**Information provided**
(* Let $(X,d)$ be a nonempty compact homogeneous metric space of diameter $D$, and let $m$ be a Borel probability measure on $X$ invariant under all isometries. Let $A=\int_{X\times X} d(x,y)\,d(m\times m)(x,y)$ and $\mu=1-(m\times m)(\Delta)$, where $\Delta$ is the diagonal of $X\times X$. If $A=\mu D$, then $X$ is finite, $d(x,y)=D$ for all $x\neq y$ in $X$ (i.e. $d$ is $D$ times the discrete metric), and $m$ is the uniform probability measure on $X$.
   Context: A metric space is homogeneous if its isometry group acts transitively on its points. *)

From HB Require Import structures.
From mathcomp Require Import all_boot all_order all_algebra.
From mathcomp Require Import all_classical all_reals all_analysis.
Set Implicit Arguments. Unset Strict Implicit. Unset Printing Implicit Defensive.
Import Order.TTheory GRing.Theory Num.Theory.
Local Open Scope classical_set_scope.
Local Open Scope ring_scope.

Definition is_metric {R : realType} {T : Type} (dist : T -> T -> R) : Prop :=
  [/\ forall x y, 0 <= dist x y,
      forall x y, dist x y = 0 <-> x = y,
      forall x y, dist x y = dist y x &
      forall x y z, dist x z <= dist x y + dist y z].

Definition dopen {R : realType} {T : Type} (dist : T -> T -> R) (U : set T) : Prop :=
  forall x, U x -> exists2 e : R, 0 < e & [set y | dist x y < e] `<=` U.

Definition dcompact {R : realType} {T : Type} (dist : T -> T -> R) : Prop :=
  forall F : set (set T), (forall U, F U -> dopen dist U) ->
    (forall x, exists2 U, F U & U x) ->
    exists s : seq (set T), (forall U, U \in s -> F U) /\
                            (forall x, exists2 U, U \in s & U x).

Definition metric_isometry {R : realType} {T : Type} (dist : T -> T -> R) (f : T -> T) : Prop :=
  bijective f /\ forall x y, dist (f x) (f y) = dist x y.

Definition homogeneous {R : realType} {T : Type} (dist : T -> T -> R) : Prop :=
  forall x y : T, exists2 f, metric_isometry dist f & f x = y.

Definition diam {R : realType} {T : Type} (dist : T -> T -> R) : R :=
  sup [set r | exists x y, r = dist x y].

Definition diagonal_set {T : Type} : set (T * T) := [set p | p.1 = p.2].

From HB Require Import structures.
From mathcomp Require Import all_boot all_order all_algebra.
From mathcomp Require Import all_classical all_reals all_analysis.
From mathcomp Require Import measurable_realfun finmap lra.
Import Order.TTheory GRing.Theory Num.Theory.
Local Open Scope classical_set_scope.
Local Open Scope ring_scope.

(* Since dist <= D everywhere and dist = 0 on the diagonal, the mean
   distance A is at most mu D. If dist x y < D for some x <> y, a small box
   ball(x, r) x ball(y, r) lies off the diagonal and carries distances bounded
   away from D; it has positive measure because in a compact homogeneous space
   all balls of radius r have the same measure and finitely many of them cover
   the space. Hence A < mu D, a contradiction. So d is D times the discrete
   metric: every set is open (in particular measurable), compactness makes X
   finite, and invariance gives all points the same mass. *)

Definition dball {R : realType} {T : Type} (dist : T -> T -> R) (x : T) (r : R) :
  set T := [set y | dist x y < r].

Section metric.
Context {R : realType} {T : choiceType} {dist : T -> T -> R}.
Hypothesis dist_metric : is_metric dist.

Lemma dist_ge0 x y : 0 <= dist x y. Proof. by case: dist_metric. Qed.
Lemma dist_sym x y : dist x y = dist y x. Proof. by case: dist_metric. Qed.
Lemma dist_triangle x y z : dist x z <= dist x y + dist y z.
Proof. by case: dist_metric. Qed.
Lemma dist_eq0 x y : dist x y = 0 <-> x = y. Proof. by case: dist_metric. Qed.
Lemma dist_xx x : dist x x = 0. Proof. exact/dist_eq0. Qed.

Lemma dist_gt0 {x y} : x <> y -> 0 < dist x y.
Proof. by move=> xy; rewrite lt_def dist_ge0 andbT; apply/eqP => /dist_eq0. Qed.

Lemma dopen_dball x r : dopen dist (dball dist x r).
Proof.
move=> y; rewrite /dball /= => xy; exists (r - dist x y); first by rewrite subr_gt0.
by move=> z; rewrite /dball /= => yz; have := dist_triangle x y z; lra.
Qed.

Lemma dball_center x r : 0 < r -> dball dist x r x.
Proof. by rewrite /dball /= dist_xx. Qed.

Lemma dist_dball2 {x y a b r} : dball dist x r a -> dball dist y r b ->
  dist x y - 2 * r < dist a b < dist x y + 2 * r.
Proof.
rewrite /dball /= => xa yb; apply/andP; split.
- have := dist_triangle x a y; have := dist_triangle a b y.
  rewrite (dist_sym b y); lra.
- have := dist_triangle a x b; have := dist_triangle x y b.
  rewrite (dist_sym a x); lra.
Qed.

Lemma separated_dopen {e : R} : 0 < e ->
  (forall x y, x <> y -> e <= dist x y) -> forall U, dopen dist U.
Proof.
move=> e_gt0 sep U x Ux; exists e => // y /=.
by have [<-//|xy] := pselect (x = y); rewrite ltNge sep.
Qed.

Hypothesis dist_compact : dcompact dist.

Lemma dcompact_finite_net {r : R} : 0 < r ->
  exists s : seq T, forall x, exists2 z, z \in s & dist z x < r.
Proof.
move=> r0; have [|x|U [Uballs Ucover]] :=
  dist_compact [set U | exists z, U = dball dist z r].
- by move=> _ [z ->]; exact: dopen_dball.
- by exists (dball dist x r); [exists x | exact: dball_center].
suff [s sU] : exists s : seq T,
    forall V, V \in U -> exists2 z : T, z \in s & V = dball dist z r.
  by exists s => x; have [V /sU [z zs ->] Vx] := Ucover x; exists z.
elim: U Uballs {Ucover} => [|V U IH] VUballs; first by exists [::].
have [|s sU] := IH; first by move=> W WU; apply: VUballs; rewrite in_cons WU orbT.
have [z Vz] := VUballs V (mem_head _ _).
exists (z :: s) => W; rewrite in_cons => /orP [/eqP ->|/sU [w ws ->]].
  by exists z; rewrite ?mem_head.
by exists w; rewrite // in_cons ws orbT.
Qed.

Lemma separated_finite {e : R} : 0 < e ->
  (forall x y, x <> y -> e <= dist x y) -> finite_set [set: T].
Proof.
move=> e_gt0 sep; have [s snet] := dcompact_finite_net e_gt0.
apply: sub_finite_set (finite_seq s) => x _; have [z zs zx] := snet x.
by have [<-//|zx'] := pselect (z = x); move: zx; rewrite ltNge sep.
Qed.

Lemma dist_bounded : exists M, forall x y, dist x y <= M.
Proof.
have [s snet] := dcompact_finite_net (@ltr01 R).
exists (\big[Num.max/0]_(z <- s) \big[Num.max/0]_(w <- s) dist z w + 2) => x y.
have [z zs zx] := snet x; have [w ws wy] := snet y.
have zw : dist z w <= \big[Num.max/0]_(z <- s) \big[Num.max/0]_(w <- s) dist z w.
  apply: le_trans (le_bigmax_seq 0 w xpredT (dist z) ws isT) _.
  exact: (le_bigmax_seq 0 z xpredT (fun z => \big[Num.max/0]_(w <- s) dist z w) zs isT).
have := dist_triangle x z y; have := dist_triangle z w y.
rewrite (dist_sym x z); lra.
Qed.

Lemma dist_le_diam x y : dist x y <= diam dist.
Proof.
have [M Mub] := dist_bounded.
apply: sup_upper_bound; last by exists x, y.
by split; [exists (dist x y), x, y | exists M => _ [a [b ->]]].
Qed.

End metric.

(* Unlike [ge0_le_integral], no measurability is required: the distance is not
   known to be measurable for the product sigma-algebra. *)
Lemma ge0_le_integralT d (X : measurableType d) (R : realType)
  (mu : {measure set X -> \bar R}) (f g : X -> \bar R) :
  (forall x, 0 <= f x)%E -> (forall x, f x <= g x)%E ->
  (\int[mu]_x f x <= \int[mu]_x g x)%E.
Proof.
move=> f0 fg; have g0 x : (0 <= g x)%E by apply: le_trans (fg x).
rewrite !ge0_integralTE //; apply: ereal_sup_le => y [h hf <-].
by exists h => //= x; exact: le_trans (hf x) (fg x).
Qed.

Lemma ge0_integralZl_indic d (X : measurableType d) (R : realType)
  (mu : {measure set X -> \bar R}) (c : R) (A : set X) :
  0 <= c -> measurable A -> (\int[mu]_x (c * \1_A x)%:E = c%:E * mu A)%E.
Proof.
move=> c0 mA; under eq_integral => x _ do rewrite EFinM.
rewrite ge0_integralZl_EFin //.
- by rewrite integral_indic // setIT.
- exact/measurable_EFinP/measurable_indic.
Qed.

Section metric_measure.
Context {R : realType} {d : measure_display} {T : measurableType d}
  {dist : T -> T -> R}.
Hypothesis dist_metric : is_metric dist.
Hypothesis dist_borel : (measurable : set (set T)) = <<s dopen dist >>.
Hypothesis dist_compact : dcompact dist.

Lemma dopen_measurable {U} : dopen dist U -> measurable U.
Proof. by move=> oU; rewrite dist_borel; exact: sub_gen_smallest. Qed.

Lemma measurable_dball x r : measurable (dball dist x r).
Proof. exact/dopen_measurable/dopen_dball. Qed.

(* The diagonal is the intersection over n of the finite unions of the squares
   of the balls of a 1/(2(n+1))-net. *)
Lemma measurable_diagonal : measurable (diagonal_set : set (T * T)).
Proof.
pose r n : R := n.+1%:R^-1 / 2.
have r_gt0 n : 0 < r n by rewrite divr_gt0.
have net n := cid (dcompact_finite_net dist_metric dist_compact (r_gt0 n)).
pose S n := \bigcup_(z in [set` sval (net n)])
  (dball dist z (r n) `*` dball dist z (r n)).
have -> : diagonal_set = \bigcap_n S n.
  rewrite /diagonal_set; apply/seteqP.
  split=> -[x y] /=; [move=> <- n _|move=> Sxy].
    by have [z zs zx] := svalP (net n) x; exists z.
  have [//|xy] := pselect (x = y).
  have [k] := ltr_add_invr (dist_gt0 dist_metric xy); rewrite add0r.
  have [z _ [/= zx zy]] := Sxy k I; have /andP[_] := dist_dball2 dist_metric zx zy.
  rewrite (dist_xx dist_metric) add0r /r mulrCA divff // mulr1.
  by move=> /lt_trans/[apply]; rewrite ltxx.
apply: bigcapT_measurable => n; apply: fin_bigcup_measurable => [|z _].
  exact: finite_seq.
by apply: measurableX; exact: measurable_dball.
Qed.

**Task directions**
What is needed is every line from the beginning of the data up to and including the line with "forall x y, dist x y = 0", given again word for word.

**Answer section**
(* Let $(X,d)$ be a nonempty compact homogeneous metric space of diameter $D$, and let $m$ be a Borel probability measure on $X$ invariant under all isometries. Let $A=\int_{X\times X} d(x,y)\,d(m\times m)(x,y)$ and $\mu=1-(m\times m)(\Delta)$, where $\Delta$ is the diagonal of $X\times X$. If $A=\mu D$, then $X$ is finite, $d(x,y)=D$ for all $x\neq y$ in $X$ (i.e. $d$ is $D$ times the discrete metric), and $m$ is the uniform probability measure on $X$.
   Context: A metric space is homogeneous if its isometry group acts transitively on its points. *)

From HB Require Import structures.
From mathcomp Require Import all_boot all_order all_algebra.
From mathcomp Require Import all_classical all_reals all_analysis.
Set Implicit Arguments. Unset Strict Implicit. Unset Printing Implicit Defensive.
Import Order.TTheory GRing.Theory Num.Theory.
Local Open Scope classical_set_scope.
Local Open Scope ring_scope.

Definition is_metric {R : realType} {T : Type} (dist : T -> T -> R) : Prop :=
  [/\ forall x y, 0 <= dist x y,
      forall x y, dist x y = 0 <-> x = y,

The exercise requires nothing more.